I did that same thing with my first woodstove in my basement. I used an old oven shroud to suck the heat upstairs. I've since done one better by completely enclosing my wood stove with sheet metal and a larger blower on the bottom and blow ALL the heat upstairs, and it heats very well (too well, we open the windows sometimes even with temps below zero!)
I love in the interior of Alaska in a 2,200 sq.ft. 8-inch log home. My primary source of heat is wood. I have two Blaze King stoves, the King and a Princess insert. My goal is to heat my entire house with only the King using prescribed methods including the woodstove hood. Thank you for your posting and website.
Im working on my wood stove hood. Its a little different then yours but the same principle. My grandfather had the entire stove in closed in a sheet metal shroud and piped off to every room on the first floor. The old house had a laundry shoot to the second floor. He had a pipe up that too. Boy did the house get warm fast. Im hoping to replicate that. You have a great video.
So in other words your grandad turned the stove into a homemade octopus furnace. It's amazing that the so called old, outdated, inefficient way of heating is actually the best.
I have a blower fan mounted to the ceiling above my blaze king pulling heat upstairs. I'm getting around 110-degrees and around 86-90 degrees out of the vent. I will try the hood method which seems to intake warmer air near the stove. I think having a basement wood stove is great but the homeowner needs a balanced HVAC system to efficiently move warm air evenly throughout the building envelope.

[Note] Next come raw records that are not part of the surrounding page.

Section TrappedVertex.
Context {R : realType} {n : nat} {d : measure_display} {Omega : measurableType d}.
Variable X : Omega -> R -> Gamma R n.
Hypothesis X_meas : forall t i, measurable_fun setT (fun w => Defs.coord i (X w t)).
Hypothesis X_cont :
  forall w i, {within `[0, +oo[, continuous (fun t => Defs.coord i (X w t))}.

Definition exit_after (t : R) : set Omega := [set w | (t%:E < xi_v X w)%E].

Lemma measurable_at_vtx (t : R) : measurable [set w | X w t = vtx R n].
Proof.
have -> : [set w | X w t = vtx R n] = (fun w => \sum_i Defs.coord i (X w t)) @^-1` [set 0].
  apply/seteqP; split=> w /=; first by move/vtxP => X0; rewrite big1.
  move=> X0; apply/vtxP => i.
  by apply: (psumr_eq0P (P := xpredT)) X0 i _ => // j _; exact: coord_ge0.
by rewrite -[_ @^-1` _]setTI; apply: measurable_sum => // i; exact: X_meas.
Qed.

Lemma at_vtx_from_rat (w : Omega) (u : R) :
  (forall r : rat, 0 < (ratr r : R) < u -> X w (ratr r) = vtx R n) ->
  forall s, 0 < s < u -> X w s = vtx R n.
Proof.
move=> X_rat s s_in; apply/vtxP => i.
apply: (continuous_eq0_on_rat (fun t => Defs.coord i (X w t)) 0 u s s_in).
  have /continuous_within_itvcyP[X_cont_pos _] := X_cont w i.
  by apply: X_cont_pos; case/andP: s_in; rewrite in_itv /= andbT.
by move=> r r_in; rewrite X_rat // coord_vtx.
Qed.

Lemma xi_v_le (w : Omega) (s : R) : 0 < s -> X w s <> vtx R n -> (xi_v X w <= s%:E)%E.
Proof. by move=> s_gt0 Xs; apply: ereal_inf_lbound; exists s. Qed.

Lemma xi_v_ge (w : Omega) (u : R) :
  (forall s, 0 < s < u -> X w s = vtx R n) -> (u%:E <= xi_v X w)%E.
Proof.
move=> X_vtx; apply/ereal_infP => _ [s [s_gt0 Xs] <-].
by rewrite lee_fin leNgt; apply/negP => su; apply/Xs/X_vtx; rewrite s_gt0.
Qed.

With your woodstove burning and your inline fan on, what is the temperature coming out of your vent upstairs and what is your temp as the the warm air is entering the hood?
I have forced hot air heat. If the system is not running, thereby drawing room air to send back to the furnace, what lets in the warm air from the stove shroud. With no air leaving the living area (without air handler running), how does more get into the living area? Passive convection will let some in, is it enough?

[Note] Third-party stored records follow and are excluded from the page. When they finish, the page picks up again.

(* Perron-Frobenius bound: if a nonnegative matrix N fixes a positive vector d,
   every eigenvalue of N has modulus at most 1.  Compare |x| with its best
   multiple of d at a coordinate k maximising |x_k|/d_k. *)
Lemma nonneg_eigenvalue_bound (R : numFieldType) (I : finType) (N : I -> I -> R)
    (d x : I -> R) (lambda : R) (k0 : I) :
  (forall k j, 0 <= N k j) -> (forall k, 0 < d k) ->
  (forall k, \sum_j N k j * d j = d k) ->
  (forall k, \sum_j N k j * x j = lambda * x k) -> x k0 != 0 ->
  `|lambda| <= 1.
Proof.
move=> N_ge0 d_gt0 Nd Nx xk0.
pose r k := `|x k| / d k.
have [k r_max] := @exists_argmax R I k0 r
  (fun j => ger0_real (divr_ge0 (normr_ge0 _) (ltW (d_gt0 j)))).
have x_le j : `|x j| <= r k * d j by rewrite -ler_pdivrMr //; exact: r_max.
have xk_gt0 : 0 < `|x k|.
  have : 0 < r k * d k0 by apply: lt_le_trans (x_le k0); rewrite normr_gt0.
  by rewrite pmulr_lgt0 // /r pmulr_lgt0 // invr_gt0.
have key : `|lambda| * `|x k| <= `|x k|.
  rewrite -normrM -Nx; apply: le_trans (ler_norm_sum _ _ _) _.
  apply: (@le_trans _ _ (\sum_j N k j * (r k * d j))).
    apply: ler_sum => j _; rewrite normrM ger0_norm //.
    exact: ler_wpM2l (x_le j).
  rewrite (eq_bigr (fun j => r k * (N k j * d j))) => [|j _]; last by ring.
  by rewrite -mulr_sumr Nd /r divfK // lt0r_neq0.
by rewrite -ler_pdivlMr // divff ?lt0r_neq0 in key.
Qed.

Lemma unitary_isometry (R : numClosedFieldType) (I : finType) (S : I -> I -> R) (a : I -> R) :
  (forall i j, \sum_m S i m * (S j m)^* = (i == j)%:R) ->
  \sum_m (\sum_j a j * S j m) * (\sum_j a j * S j m)^* = \sum_j a j * (a j)^*.
Proof.
move=> S_unitary.
have inner j j' : \sum_m a j * S j m * (a j' * S j' m)^* = a j * (a j')^* * (j == j')%:R.
  by rewrite -S_unitary mulr_sumr; apply: eq_bigr => m _; rewrite rmorphM /=; ring.
under eq_bigr do rewrite rmorph_sum /= -sum_product.
rewrite exchange_big; apply: eq_bigr => j _; rewrite exchange_big /=.
under eq_bigr do rewrite inner.
rewrite (bigD1 j) //= eqxx mulr1 big1 ?addr0 // => j' nj.
by rewrite eq_sym (negbTE nj) mulr0.
Qed.

Lemma natural_unit_vector (R : numDomainType) (I : finType) (a : I -> R) (j0 : I) :
  (forall k, exists n : nat, a k = n%:R) -> \sum_k a k ^+ 2 <= 1 -> a j0 != 0 ->
  a j0 = 1 /\ forall k, k != j0 -> a k = 0.
Proof.
move=> a_nat sq_le1 a_j0.
have sq_ge0 i : 0 <= a i ^+ 2 by have [n ->] := a_nat i; exact: exprn_ge0 (ler0n _ _).
have [n0 E0] := a_nat j0; rewrite E0 pnatr_eq0 in a_j0.
have pair_le1 k : k != j0 -> a j0 ^+ 2 + a k ^+ 2 <= 1.
  move=> nk; apply: le_trans sq_le1; rewrite (bigD1 j0) //= lerD2l (bigD1 k) //= lerDl.
  exact: sumr_ge0.
split => [|k nk].
  have : a j0 ^+ 2 <= 1.
    by apply: le_trans sq_le1; rewrite (bigD1 j0) //= lerDl; exact: sumr_ge0.
  by rewrite E0 -natrX lern1 => n0_le; suff -> : n0 = 1%N by []; nia.
have [n En] := a_nat k; move: (pair_le1 k nk).
by rewrite E0 En -!natrX -natrD lern1 => n_le; suff -> : n = 0%N by []; nia.
Qed.

Lemma involution_pair_fixed (R : nzRingType) (I : eqType) (sigma : I -> I) (p q : I) :
  involutive sigma -> p != q ->
  ((p == sigma p)%:R * (q == sigma q)%:R + (q == sigma p)%:R * (p == sigma q)%:R = 1 :> R)
  <-> (sigma p = p /\ sigma q = q) \/ sigma p = q.
Proof.
move=> sigmaK npq; have one_neq0 : (1 : R) <> 0 by apply/eqP; rewrite oner_eq0.
have [Epq|npq'] := eqVneq (sigma p) q.
  have Eqp : sigma q = p by rewrite -Epq sigmaK.
  by rewrite Epq Eqp (negbTE npq) mul0r add0r !eqxx mulr1; split => _; [right|].
rewrite mul0r addr0.
have [Ep|np] := eqVneq p (sigma p); have [Eq|nq] := eqVneq q (sigma q);
  rewrite ?mul1r ?mul0r ?mulr0.
- by split => _ //; left.
- by split=> [/esym/one_neq0 //|[[_ /esym/eqP]|/eqP]]; rewrite ?(negbTE nq) ?(negbTE npq').
- by split=> [/esym/one_neq0 //|[[/esym/eqP]|/eqP]]; rewrite ?(negbTE np) ?(negbTE npq').
- by split=> [/esym/one_neq0 //|[[/esym/eqP]|/eqP]]; rewrite ?(negbTE np) ?(negbTE npq').
Qed.

Section SimpleCurrents.
Variables (C : numClosedFieldType) (I : finType) (i0 : I) (S : I -> I -> C) (t : I -> C).
Hypothesis rcft : rcft_data i0 S t.

Let N := fusion i0 S.

Lemma S_symmetric i j : S i j = S j i.
Proof. by case: rcft. Qed.

Lemma S_unitary i j : \sum_m S i m * (S j m)^* = (i == j)%:R.
Proof. by case: rcft => _ []. Qed.

Lemma qdim_pos m : 0 < S i0 m.
Proof. by case: rcft => _ [_ [S00 [S0_min _]]]; exact: lt_le_trans S00 (S0_min m). Qed.

Lemma fusion_natural J k j : exists n : nat, N J k j = n%:R.
Proof. by case: rcft => _ [_ [_ [_ [_ Hn]]]]; exact: Hn. Qed.

Lemma fusion_ge0 J k j : 0 <= N J k j.
Proof. by have [n ->] := fusion_natural J k j; exact: ler0n. Qed.

Lemma fusion_eigen J k m : \sum_j N J k j * S j m = S J m / S i0 m * S k m.
Proof.
transitivity (\sum_m' (S J m' * S k m' / S i0 m') * \sum_j S m j * (S m' j)^*).
  rewrite /N /fusion; under eq_bigr do rewrite mulr_suml.
  rewrite exchange_big; apply: eq_bigr => m' _; rewrite mulr_sumr; apply: eq_bigr => j _.
  by rewrite (S_symmetric m j) (S_symmetric m' j); ring.
under eq_bigr do rewrite S_unitary.
rewrite (bigD1 m) //= eqxx mulr1 big1 ?addr0; first by ring.
by move=> m' nm; rewrite eq_sym (negbTE nm) mulr0.
Qed.

Section OneCurrent.
Variable J : I.
Hypothesis J_simple : simple_current i0 S J.

(* For a simple current the eigenvalue at m = 0 is 1. *)
Lemma simple_current_row_sum p : \sum_k N J p k * S k i0 = S p i0.
Proof.
rewrite fusion_eigen J_simple mulfV ?mul1r //; exact/lt0r_neq0/qdim_pos.
Qed.

(* The eigenvalues of fusion with a simple current have modulus at most 1;
   every column of S is nonzero since S is unitary. *)
Lemma simple_current_eigenvalue_bound m : `|S J m / S i0 m| <= 1.
Proof.
have [k Skm] : exists k, S k m != 0.
  apply/existsP; apply: contraT; rewrite negb_exists => /forallP Sm0.
  have := S_unitary m m; rewrite eqxx big1 => [/eqP|j _]; first by rewrite eq_sym oner_eq0.
  by rewrite S_symmetric (eqP (negbNE (Sm0 j))) mul0r.
apply: (@nonneg_eigenvalue_bound _ _ (N J) (S ^~ i0) (S ^~ m) _ k) => //.
- exact: fusion_ge0.
- by move=> i; rewrite S_symmetric; exact: qdim_pos.
- exact: simple_current_row_sum.
- by move=> i; exact: fusion_eigen.
Qed.

(* Hence, by unitarity of S, sum_k (N_{Jp}^k)^2 <= 1. *)
Lemma simple_current_row_sq p : \sum_j N J p j ^+ 2 <= 1.
Proof.
have N_real j : (N J p j)^* = N J p j by have [n ->] := fusion_natural J p j; exact: conjC_nat.
rewrite (eq_bigr (fun j => N J p j * (N J p j)^*)) => [|j _]; last by rewrite N_real expr2.
rewrite -(unitary_isometry _ S_unitary).
under eq_bigr do rewrite fusion_eigen -normCK.
apply: (@le_trans _ _ (\sum_m `|S p m| ^+ 2)).
  apply: ler_sum => m _; rewrite normrM exprMn ler_piMl ?exprn_ge0 //.
  exact: exprn_ile1 (normr_ge0 _) (simple_current_eigenvalue_bound m).
by under eq_bigr do rewrite normCK; rewrite S_unitary eqxx.
Qed.

Lemma simple_current_fusion p k : N J p k = (k == Jact i0 S J p)%:R.
Proof.
have [j0 Nj0] : exists j, N J p j != 0.
  apply/existsP; apply: contraT; rewrite negb_exists => /forallP N0.
  have := simple_current_row_sum p; rewrite big1 => [/esym/eqP|k' _].
    by rewrite S_symmetric (negbTE (lt0r_neq0 (qdim_pos p))).
  by rewrite (eqP (negbNE (N0 k'))) mul0r.
have [N1 N0] := natural_unit_vector (fusion_natural J p) (simple_current_row_sq p) Nj0.
have -> : Jact i0 S J p = j0.
  rewrite /Jact -/N; case: pickP => [k' /eqP Nk'|no_one] /=;
    last by move: (no_one j0); rewrite N1 eqxx.
  by apply/eqP; apply: contraT => nk'; move: Nk'; rewrite N0 // => /esym/eqP; rewrite oner_eq0.
by have [->|nk] := eqVneq k j0; [rewrite N1 | rewrite N0].
Qed.

Lemma simple_current_S_shift p m : S (Jact i0 S J p) m = S J m / S i0 m * S p m.
Proof.
rewrite -fusion_eigen; under eq_bigr do rewrite simple_current_fusion.
rewrite (bigD1 (Jact i0 S J p)) //= eqxx mul1r big1 ?addr0 // => j nj.
by rewrite (negbTE nj) mul0r.
Qed.

End OneCurrent.

Lemma S_row_inj a b : (forall m, S a m = S b m) -> a = b.
Proof.
move=> Eab; have := S_unitary a b; under eq_bigr do rewrite -Eab.
by rewrite S_unitary eqxx; have [//|_ /eqP] := eqVneq a b; rewrite eqr_nat.
Qed.

(* A simple current of order two acts by an involution: its eigenvalues
   square to 1. *)
Lemma order_two_involutive J : simple_current i0 S J -> Jact i0 S J J = i0 ->
  involutive (Jact i0 S J).
Proof.
move=> J_simple JJ p; apply: S_row_inj => m.
have S0m : S i0 m != 0 by exact/lt0r_neq0/qdim_pos.
have sq1 : (S J m / S i0 m) * (S J m / S i0 m) = 1.
  have S0_shift := simple_current_S_shift J_simple J m; rewrite JJ in S0_shift.
  by apply: (mulIf S0m); rewrite mul1r [in RHS]S0_shift; field.
by rewrite !(simple_current_S_shift J_simple) mulrA sq1 mul1r.
Qed.

End SimpleCurrents.

Theorem mainTheorem3 (C : numClosedFieldType) (I : finType) (i0 : I)
  (S : I -> I -> C) (t : I -> C) :
  rcft_data i0 S t ->
  forall J : I, simple_current i0 S J ->
  (forall (psi : bool) (p q p' q' : I), p != q -> p' != q' ->
     fusion_perm i0 S t (PDiag J psi) (POff [set p; q]) (POff [set p'; q'])
     = fusion i0 S J p p' * fusion i0 S J q q'
       + fusion i0 S J p q' * fusion i0 S J q p')
  /\
  (Jact i0 S J J = i0 ->
   forall (psi : bool) (p q : I), p != q ->
     (fusion_perm i0 S t (PDiag J psi) (POff [set p; q]) (POff [set p; q]) = 1
      <-> (Jact i0 S J p = p /\ Jact i0 S J q = q) \/ Jact i0 S J p = q)).
Proof.
move=> rcft J J_simple.
have fusion_rule := fusion_perm_diag_pair i0 t (S_symmetric rcft) J.
split=> [|JJ psi p q npq]; first exact: fusion_rule.
rewrite fusion_rule // !(simple_current_fusion rcft J_simple).
exact: involution_pair_fixed (order_two_involutive rcft J_simple JJ) npq.
Qed.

MrRickep1 the way several people in my family have done it is to route the cold air return to a shroud around the stove then to existing furnace... use that furnace fan and ducts to send warm air to living area and it works great
I have been thinking of doing something similar - but have read that if you have a fan pulling the air upstairs, it can create a backdraft downstairs with your stove? we have our mudroom door open at the top of the basement stairs, and then 7+ rooms in the house all have floor vents to "let the heat rise" but it's not rising like we are hoping. How do you address the backdraft issue, or is it even an issue?
One thing someone mentioned to me about shopping something similar, is the possibility of a spark or two being sucked into your venting and starting a fire in the house
How? Since the flue pipe is separate from this hood. He is not pulling the heat from the inside of his stove pipe. But rather from the top surface of his stove.
+Jacky Lord I had the same question.....i guess he hasnt been on in a while...A few minutes ago i finished hooking up a small computer fan to my living room vent in hopes of getting at least some heat up there. not very helpful.
Heat will always find its way upstairs but you are but I think the second law of thermodynamics, heat will always move to something colder than it. which in this case is like everything in your basement so your idea seems sound.
Thank you, Les. This video will help my family stay warm this winter. We appreciate you.
This is a cool idea. A long long time ago about 2 hour away I found my self living on an Aumsh farm in a modern house that had been striped of its furnace electric and any other modern things. It was going to be a place for the grandma a single story with a basement but she died before it was finished and so it was offered to me as i was working with them buying training and selling horses. To start with all i had was the wood coal cook stove but it did not take long to figure out being this was Ontario Canada with one of the furthest north family's i was going to need something more. I got a nice big wood stove put it in the centre of the basement right below what had been the main return air vent so the hot air could rise I then could use what would have been the hot air vents around the outside walls of the house to direct how much warm air would be drawn into each room by how much now cold air was falling down back to the basement. it worked so well i have repeated it in other places I have lived
Wow, this is great! I've got too much heat in the basement. Thank you for posting this. Cheers.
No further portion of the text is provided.